Node.js uses V8's garbage collector to automatically free unused memory. A memory leak occurs when objects are still referenced (intentionally or not) even though you're done with them. GC can't collect what it can't see as garbage.

Common causes:

  1. Unbounded caches — Maps/objects that grow forever without eviction
  2. Event listener leakson('event', handler) never removed
  3. Closures holding references — Variables captured in closures that outlive their use
  4. Global variables — Accidentally assigned without let/const
  5. Timers not clearedsetInterval that references large objects
  6. Circular references with external resources
  7. Stream not consumed or closed

Step 1: Confirm You Have a Leak

// Monitor heap usage over time
import v8 from 'v8'
import process from 'process'

setInterval(() => {
  const heapStats = v8.getHeapStatistics()
  const used = Math.round(heapStats.used_heap_size / 1024 / 1024)
  const total = Math.round(heapStats.total_heap_size / 1024 / 1024)

  console.log(`Heap: ${used}MB / ${total}MB`)
}, 30_000)

// Expose as metrics endpoint
app.get('/metrics', (req, res) => {
  const mem = process.memoryUsage()
  res.json({
    rss: Math.round(mem.rss / 1024 / 1024) + 'MB',       // Total process memory
    heapUsed: Math.round(mem.heapUsed / 1024 / 1024) + 'MB',
    heapTotal: Math.round(mem.heapTotal / 1024 / 1024) + 'MB',
    external: Math.round(mem.external / 1024 / 1024) + 'MB',  // C++ objects
  })
})

If heapUsed grows steadily over time without leveling off → you have a leak.

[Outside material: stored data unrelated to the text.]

Lemma continuity_pt_doubling (t : R) : t ^ 6 < 1 -> continuity_pt doubling t.
Proof.
  intros Ht. apply continuity_pt_filterlim, (ex_derive_continuous (V := R_NormedModule)).
  pose proof (root_disc_ge_1 t Ht). pose proof (doubling_ratio_pos t Ht).
  pose proof (disc_ge_1 t Ht).
  unfold doubling, Rpower, doubling_ratio, root_disc, disc in *.
  auto_derive. simpl in *. set (w := sqrt _) in *.
  assert (0 < w * (w * (w * 1)) * (1 + w)) by (repeat apply Rmult_lt_0_compat; lra).
  repeat split; lra.
Qed.

Lemma is_derive_doubling (t : R) : 0 < t < root6_half ->
  is_derive doubling t (2 * doubling_slope t ^ 5 * Rpower (doubling6 t) (- (5 / 6))).
Proof.
  intros Ht. pose proof (doubling6_bounds t Ht). pose proof root6_half_lt_1.
  apply is_derive_ext_loc with (fun u => Rpower (doubling6 u) (1 / 6)).
  - apply (filter_imp (fun u => 0 < u < 1)).
    + intros u Hu. symmetry. apply doubling_eq_Rpower; [lra |].
      apply pow_lt_1_compat; [lra | auto with arith].
    + apply filter_and; [apply (open_gt 0) | apply (open_lt 1)]; lra.
  - replace (2 * doubling_slope t ^ 5 * Rpower (doubling6 t) (- (5 / 6))) with
      (scal (12 * doubling_slope t ^ 5) (1 / 6 * Rpower (doubling6 t) (1 / 6 - 1))).
    + apply (is_derive_comp (V := R_NormedModule) (fun v => Rpower v (1 / 6)) doubling6 t).
      * apply is_derive_Reals, derivable_pt_lim_power. lra.
      * apply is_derive_doubling6. pose proof (pow6_lt_half t ltac:(lra)). lra.
    + unfold scal; simpl; unfold mult; simpl.
      replace (1 / 6 - 1) with (- (5 / 6)) by field. field.
Qed.

Lemma doubling_closed_form (y : R) : 0 < y -> y ^ 6 < 1 ->
  let c := Rpower (1 - y ^ 6) (5 / 6) in
  let D := 1 + 32 * y ^ 6 * Rpower c (6 / 5) in
  Rpower 2 (1 / 6) * y * Rpower c (1 / 5) * Rpower (3 + sqrt D) (1 / 2)
    / (Rpower D (1 / 4) * Rpower (1 + sqrt D) (1 / 6)) = doubling y.
Proof.
  intros Hy0 Hy1 c D.
  assert (HD : D = disc y).
  { unfold D, c, disc. rewrite Rpower_mult. replace (5 / 6 * (6 / 5)) with 1 by field.
    rewrite Rpower_1 by lra. reflexivity. }
  assert (Hc : Rpower c (1 / 5) = Rpower (1 - y ^ 6) (1 / 6)).
  { unfold c. rewrite Rpower_mult. f_equal. field. }
  rewrite Hc, HD. fold (root_disc y).
  pose proof (root_disc_ge_1 y Hy1) as Hw. pose proof (root_disc_sqr y Hy1) as Hsq.
  pose proof (doubling_ratio_pos y Hy1) as Hr.
  set (w := root_disc y) in *.
  assert (ln_ratio : ln (doubling_ratio y)
    = ln 2 + ln (1 - y ^ 6) + 3 * ln (3 + w) - (3 * ln w + ln (1 + w))).
  { unfold doubling_ratio. fold w. unfold Rdiv.
    rewrite ln_mult, ln_Rinv, ln_mult, ln_mult, ln_pow, ln_mult, ln_pow;
      try lra; try apply pow_lt; try apply Rinv_0_lt_compat;
      repeat apply Rmult_lt_0_compat; try apply pow_lt; try lra.
    rewrite (Rplus_comm w 3). simpl INR. ring. }
  assert (ln_disc : ln (disc y) = 2 * ln w) by (rewrite <- Hsq, ln_mult by lra; ring).
  unfold doubling, Rpower. rewrite ln_ratio, ln_disc.
  transitivity (y * exp (1 / 6 * ln 2 + 1 / 6 * ln (1 - y ^ 6) + 1 / 2 * ln (3 + w)
                  + - (1 / 4 * (2 * ln w)) + - (1 / 6 * ln (1 + w)))).
  - rewrite !exp_plus, !exp_Ropp. field. split; apply Rgt_not_eq, exp_pos.
  - do 2 f_equal. field.
Qed.

Section Duplication.

Local Notation f := (integrand_pq (6 / 5) 6).
Local Notation F := (F_pq (6 / 5) 6).

Let six_pos : 0 < 6.
Proof. lra. Qed.

Lemma integrand_65_6 (t : R) : 0 <= t -> f t = Rpower (1 - t ^ 6) (- (5 / 6)).
Proof. intros Ht. unfold integrand_pq. rewrite rpow_pow6 by exact Ht. f_equal. field. Qed.

Lemma doubling_transports_integrand (t : R) : 0 < t < root6_half ->
  2 * doubling_slope t ^ 5 * Rpower (doubling6 t) (- (5 / 6)) * f (doubling t) = 2 * f t.
Proof.
  intros Ht. pose proof (doubling6_bounds t Ht) as HH. pose proof (doubling_slope_pos t Ht).
  pose proof (pow6_lt_half t ltac:(lra)). pose proof (doubling_bounds t ltac:(lra)).
  rewrite !integrand_65_6 by lra.
  rewrite doubling_eq_Rpower, pow6_Rpower_inv6 by lra.
  rewrite Rmult_assoc, Rpower_mult_distr, doubling6_complement by lra.
  rewrite <- Rpower_mult_distr by (try apply pow_lt; lra).
  rewrite <- (Rpower_pow 6 (doubling_slope t)), Rpower_mult by lra.
  replace (INR 6 * - (5 / 6)) with (- INR 5) by (simpl; field).
  rewrite (Rpower_Ropp (doubling_slope t)), Rpower_pow by lra. field. lra.
Qed.

Lemma is_derive_F_doubling (t : R) : 0 < t < root6_half ->
  is_derive (fun u => F (doubling u)) t (2 * f t).
Proof.
  intros Ht. rewrite <- doubling_transports_integrand by exact Ht.
  apply (is_derive_comp (V := R_NormedModule) F doubling t).
  - apply (is_derive_F_pq _ _ six_pos). apply doubling_bounds. lra.
  - apply is_derive_doubling, Ht.
Qed.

Step 2: Heap Snapshot Analysis

import v8 from 'v8'
import fs from 'fs'

// Trigger a heap snapshot via API endpoint
app.get('/debug/heap-snapshot', (req, res) => {
  const filename = `heap-${Date.now()}.heapsnapshot`
  const snapshotStream = v8.writeHeapSnapshot(filename)
  res.json({ file: snapshotStream })
})
  1. Take snapshot when memory is baseline (say 200MB)
  2. Run traffic for 1 hour
  3. Take another snapshot (now 600MB)
  4. Open both in Chrome DevTools → Memory tab → Compare
  5. Objects with large "Retained Size" delta are your leak

Step 3: Common Leaks and How to Fix Them

Leak 1: Unbounded Cache / Map

// ❌ LEAK — cache grows forever
const cache = new Map()

app.get('/user/:id', async (req, res) => {
  const { id } = req.params

  if (!cache.has(id)) {
    cache.set(id, await db.user.findById(id))
  }
  // Cache is never evicted — millions of users = GB of memory

  res.json(cache.get(id))
})

// ✅ FIX — Use LRU cache with size limit
import LRU from 'lru-cache'

const cache = new LRU<string, User>({
  max: 1000,         // Max 1000 entries
  ttl: 5 * 60_000,  // 5 minute TTL
})

app.get('/user/:id', async (req, res) => {
  const cached = cache.get(req.params.id)
  if (cached) return res.json(cached)

  const user = await db.user.findById(req.params.id)
  cache.set(req.params.id, user)
  res.json(user)
})

Leak 2: Event Listener Accumulation

// ❌ LEAK — new listener added on every request, never removed
app.get('/subscribe', (req, res) => {
  emitter.on('data', (data) => {
    res.write(data)  // This handler is added each time!
  })
  // Handler is never removed when request ends
  // After 10,000 requests → 10,000 listeners on 'data'
})

// ✅ FIX — Remove listener on cleanup
app.get('/subscribe', (req, res) => {
  const handler = (data: string) => res.write(data)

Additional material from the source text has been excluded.